Comments on the Quality of English Language

Minor revision of English

Author Response

We have taken into consideration the reviewer comments and we have modified the paper accordingly. It is clear that the reviewers know the area and read the paper very carefully; most of the comments were highly insightful and enabled us to greatly improve the quality of our manuscript. The following is the list of the changes made to the manuscript in response to the reviewer’s comments.

 

ITEMIZED LIST OF CHANGES

Reviewer #2:

General comments:

Point 1:

(1). “In the biomass discussion you attribute Case 2’s lower yield to “this treatment incorporated BBM-3N… if not only diluted wastewater,” which contradicts your own Case 2 definition (no BBM-3N; 60% freshwater + 40% WWDI). This reads as a copy/edit error and undermines the interpretation of Figure 5. Also, The study says cultures ran 9 days, yet the caption for Figure 5 says “up to 7 days of retention,” while the x-axis shows 0–10 days. This makes it impossible to know what time points were truly analyzed and when peaks/declines were measured.”.

Response:

In response to the comment, the following modification was made:

“…This trend can be attributed to a limitation in nutrient availability, given that this treatment does not contain BBM-3N culture medium, but only diluted wastewater.”

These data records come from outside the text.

(* There are absolute constants $k$ and $C$ such that the following holds. Let $G$ be a finite semisimple group, and let $H$ be a finite group having a nontrivial Abelian normal subgroup. Then the count-free $(k, C)$-WL Version I algorithm distinguishes $G$ from $H$.
   Context: A finite group is semisimple if it has no nontrivial Abelian normal subgroup. Count-free pebble game Version I on finite groups $G,H$ with $m$ pebble pairs: if $|G|\ne|H|$ Spoiler wins at once; each round Spoiler picks up a pebble pair, the winning condition is checked, Spoiler places one pebble of the pair on an element of either group and Duplicator places its partner on an element of the other group. Spoiler wins when, for the pebbled elements $g_1,\ldots,g_\ell\in G$ and corresponding $h_1,\ldots,h_\ell\in H$, it is not the case that for all $i,j,t$: $g_i=g_j\iff h_i=h_j$ and $g_ig_j=g_t\iff h_ih_j=h_t$. The count-free $(k,r)$-WL Version I distinguishes $G$ and $H$ if Spoiler has a strategy to win this game with $k+1$ pebble pairs within $r$ rounds (equivalently, the count-free $k$-dimensional WL Version I refinement yields different color sets after $r$ rounds). *)

From mathcomp Require Import all_boot all_fingroup.
Set Implicit Arguments. Unset Strict Implicit. Unset Printing Implicit Defensive.
Local Open Scope group_scope.

(* A finite group is modelled as a finGroupType gT, the group being [set: gT]. *)

Definition semisimple (gT : finGroupType) : Prop :=
  forall N : {group gT}, N <| [set: gT] -> abelian N -> N = 1 :> {set gT}.

(* A pebble configuration with m pebble pairs: pair i is either off the
   board (None) or placed on (g_i, h_i). *)
Definition config (gT hT : finGroupType) (m : nat) := 'I_m -> option (gT * hT).

Definition empty_config (gT hT : finGroupType) (m : nat) : config gT hT m :=
  fun _ => None.

Definition place (gT hT : finGroupType) (m : nat) (c : config gT hT m)
  (i : 'I_m) (p : gT * hT) : config gT hT m :=
  fun j => if j == i then Some p else c j.

Definition pebble_iso (gT hT : finGroupType) (m : nat) (c : config gT hT m) : Prop :=
  forall (i j t : 'I_m) (gi gj gt : gT) (hi hj ht : hT),
    c i = Some (gi, hi) -> c j = Some (gj, hj) -> c t = Some (gt, ht) ->
    (gi = gj <-> hi = hj) /\ (gi * gj = gt <-> hi * hj = ht).

Fixpoint spoiler_wins (gT hT : finGroupType) (m : nat) (r : nat)
  (c : config gT hT m) : Prop :=
  ~ pebble_iso c \/
  match r with
  | 0 => False
  | r'.+1 =>
      exists i : 'I_m,
        (exists g : gT, forall h : hT, spoiler_wins r' (place c i (g, h))) \/
        (exists h : hT, forall g : gT, spoiler_wins r' (place c i (g, h)))
  end.

Definition wl1_distinguishes (k r : nat) (gT hT : finGroupType) : Prop :=
  #|gT| <> #|hT| \/ @spoiler_wins gT hT k.+1 r (@empty_config gT hT k.+1).

From mathcomp Require Import all_boot all_fingroup.
Set Implicit Arguments. Unset Strict Implicit. Unset Printing Implicit Defensive.
Local Open Scope group_scope.

(* Spoiler pebbles a nontrivial x in an Abelian normal subgroup N of H, and
   Duplicator must answer with some g <> 1 in G.  As G is semisimple, the
   normal closure of g is not Abelian, so some conjugate g^y does not commute
   with g.  Spoiler pebbles y, gy, g^y and g g^y.  The relations g y = gy and
   y g^y = gy force Duplicator's answer to g^y to be the conjugate x^y' of x,
   which lies in N and hence commutes with x, while g^y g <> g g^y.  This
   uses five pebble pairs and five rounds. *)

Lemma class_gen_normal (gT : finGroupType) (G : {group gT}) (g : gT) :
  g \in G -> <<g ^: G>> <| G.
Proof. by move=> Gg; rewrite /normal gen_subG class_subG // norms_gen ?class_norm. Qed.

Lemma class_gen_abelian (gT : finGroupType) (G : {group gT}) (g : gT) :
  {in G, forall y, commute g (g ^ y)} -> abelian <<g ^: G>>.
Proof.
move=> cgJ; rewrite abelian_gen.
apply/centsP=> _ /imsetP[u Gu ->] _ /imsetP[v Gv ->].
have -> : g ^ v = (g ^ (v * u^-1)) ^ u by rewrite -conjgM mulgKV.
by rewrite /commute -!conjMg cgJ // groupM ?groupV.
Qed.

Lemma semisimple_conj_noncommute (gT : finGroupType) (g : gT) :
  semisimple gT -> g != 1 -> exists y, ~ commute g (g ^ y).
Proof.
move=> ssG ntg.
have [y /eqP ncomm | comm] := pickP (fun y => g * g ^ y != g ^ y * g).
  by exists y.
have abJ : abelian <<g ^: [set: gT]>>.
  by apply: class_gen_abelian => y _; apply/eqP/negbFE/comm.
have gJ1 := ssG _ (class_gen_normal (in_setT g)) abJ.
have : g \in <<g ^: [set: gT]>> by rewrite mem_gen ?class_refl.
by rewrite gJ1 inE (negbTE ntg).
Qed.

Lemma abelian_normal_commuteJ (gT : finGroupType) (G N : {group gT}) x y :
  N <| G -> abelian N -> x \in N -> y \in G -> commute x (x ^ y).
Proof.
move=> nNG aN Nx Gy; apply: (centsP aN) => //.
by rewrite memJ_norm // (subsetP (normal_norm nNG)).
Qed.

Section PebbleGame.

Variables (gT hT : finGroupType) (m : nat).
Implicit Types (c : config gT hT m) (r : nat).

Lemma spoiler_wins_now r c : ~ pebble_iso c -> spoiler_wins r c.
Proof. by case: r => [|r] /=; left. Qed.

Lemma spoiler_pebbleG r c i (g : gT) :
  (forall h, spoiler_wins r (place c i (g, h))) -> spoiler_wins r.+1 c.
Proof. by move=> win; right; exists i; left; exists g. Qed.

Lemma spoiler_pebbleH r c i (h : hT) :
  (forall g, spoiler_wins r (place c i (g, h))) -> spoiler_wins r.+1 c.
Proof. by move=> win; right; exists i; right; exists h. Qed.

Lemma pebble_iso_mul c i j t gi gj gt hi hj ht :
  pebble_iso c -> c i = Some (gi, hi) -> c j = Some (gj, hj) ->
  c t = Some (gt, ht) -> gi * gj = gt <-> hi * hj = ht.
Proof. by move=> iso ci cj ct; have [_] := iso _ _ _ _ _ _ _ _ _ ci cj ct. Qed.

Lemma pebble_iso_eq1 c i g h :
  pebble_iso c -> c i = Some (g, h) -> g = 1 <-> h = 1.
Proof.
move=> iso ci; have [gg hh] := pebble_iso_mul iso ci ci ci.
have idem1 (T : finGroupType) (a : T) : a * a = a -> a = 1.
  by move=> aa; apply: (mulgI a); rewrite aa mulg1.
by split=> [g1 | h1]; apply: idem1; [apply: gg | apply: hh]; rewrite ?g1 ?h1 mulg1.
Qed.

Lemma pebble_iso_conj_commute c i0 i1 i2 i3 i4 g y x y' w' z' v' :
  pebble_iso c -> c i0 = Some (g, x) -> c i1 = Some (y, y') ->
  c i2 = Some (g * y, w') -> c i3 = Some (g ^ y, z') ->
  c i4 = Some (g * g ^ y, v') -> commute x (x ^ y') -> commute g (g ^ y).
Proof.
move=> iso c0 c1 c2 c3 c4 cxJ.
have e1 : x * y' = w' by apply/(pebble_iso_mul iso c0 c1 c2).
have e2 : y' * z' = w' by apply/(pebble_iso_mul iso c1 c3 c2); rewrite -conjgC.
have e3 : x * z' = v' by apply/(pebble_iso_mul iso c0 c3 c4).
have zJ : z' = x ^ y' by apply: (mulgI y'); rewrite e2 -e1 (conjgC x).
by apply/esym/(pebble_iso_mul iso c3 c0 c4); rewrite -e3 zJ cxJ.
Qed.

End PebbleGame.

Arguments spoiler_pebbleG {gT hT m r c} i g.
Arguments spoiler_pebbleH {gT hT m r c} i h.
Arguments pebble_iso_conj_commute {gT hT m c} i0 i1 i2 i3 i4 {g y x y' w' z' v'}.

Theorem lemma6p6 :
  exists k C : nat,
    forall (gT hT : finGroupType),
      semisimple gT ->
      (exists N : {group hT},
          [&& N <| [set: hT], abelian N & N != 1%G]) ->
      wl1_distinguishes k C gT hT.
Proof.
exists 4, 5 => gT hT ssG [N /and3P[nN aN ntN]].
have [x Nx ntx] := trivgPn _ ntN.
pose i0 := @Ordinal 5 0 isT; pose i1 := @Ordinal 5 1 isT.
pose i2 := @Ordinal 5 2 isT; pose i3 := @Ordinal 5 3 isT.
pose i4 := @Ordinal 5 4 isT.
right; apply: (spoiler_pebbleH i0 x) => g.
have [-> | ntg] := eqVneq g 1.
  apply: spoiler_wins_now => iso; move/eqP: ntx; apply.
  exact: (pebble_iso_eq1 (i := i0) iso erefl).1.
have [y ncomm] := semisimple_conj_noncommute ssG ntg.
apply: (spoiler_pebbleG i1 y) => y'.
apply: (spoiler_pebbleG i2 (g * y)) => w'.
apply: (spoiler_pebbleG i3 (g ^ y)) => z'.
apply: (spoiler_pebbleG i4 (g * g ^ y)) => v'.
apply: spoiler_wins_now => iso; apply: ncomm.
apply: (pebble_iso_conj_commute i0 i1 i2 i3 i4 iso) => //.
exact: abelian_normal_commuteJ nN aN Nx (in_setT y').
Qed.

Time (Days) to 9, to avoid confusion with the text.

“Figure 5. Biomass production for up to 9 days of retention on an experimental basis for different crop cases.”

 

Point 2:

(2). “Nitrate and COD numbers don’t square with the wastewater characterization. Raw WWDI is reported at NO₃⁻ = 287 mg/L and COD = 2111 mg/L; with 40% WWDI in Case 2, first-principles mixing would suggest initial NO₃⁻ ≈ 115 mg/L and COD ≈ 844 mg/L. Yet you report NO₃⁻ = 20.4 → 0 mg/L and COD = 1321 → 196 mg/L for Case 2. For Case 3 (60% BBM-3N + 40% WWDI), initial NO₃⁻ is 68.9 mg/L, not obviously derivable from the earlier WWDI characterization or added BBM-3N, and COD again starts ~1330 mg/L. This suggests an arithmetic/typographical mistakes. Clarify with a full mass balance and sampling chronology.”.

Response:

We greatly appreciate your insightful comments. The experimental values are correct, and what we have modified is the characterization of WWDI. We have a database of WWDI characterization from 2018 to date. The characterization corresponding to this research was not correct. The modification is as follows.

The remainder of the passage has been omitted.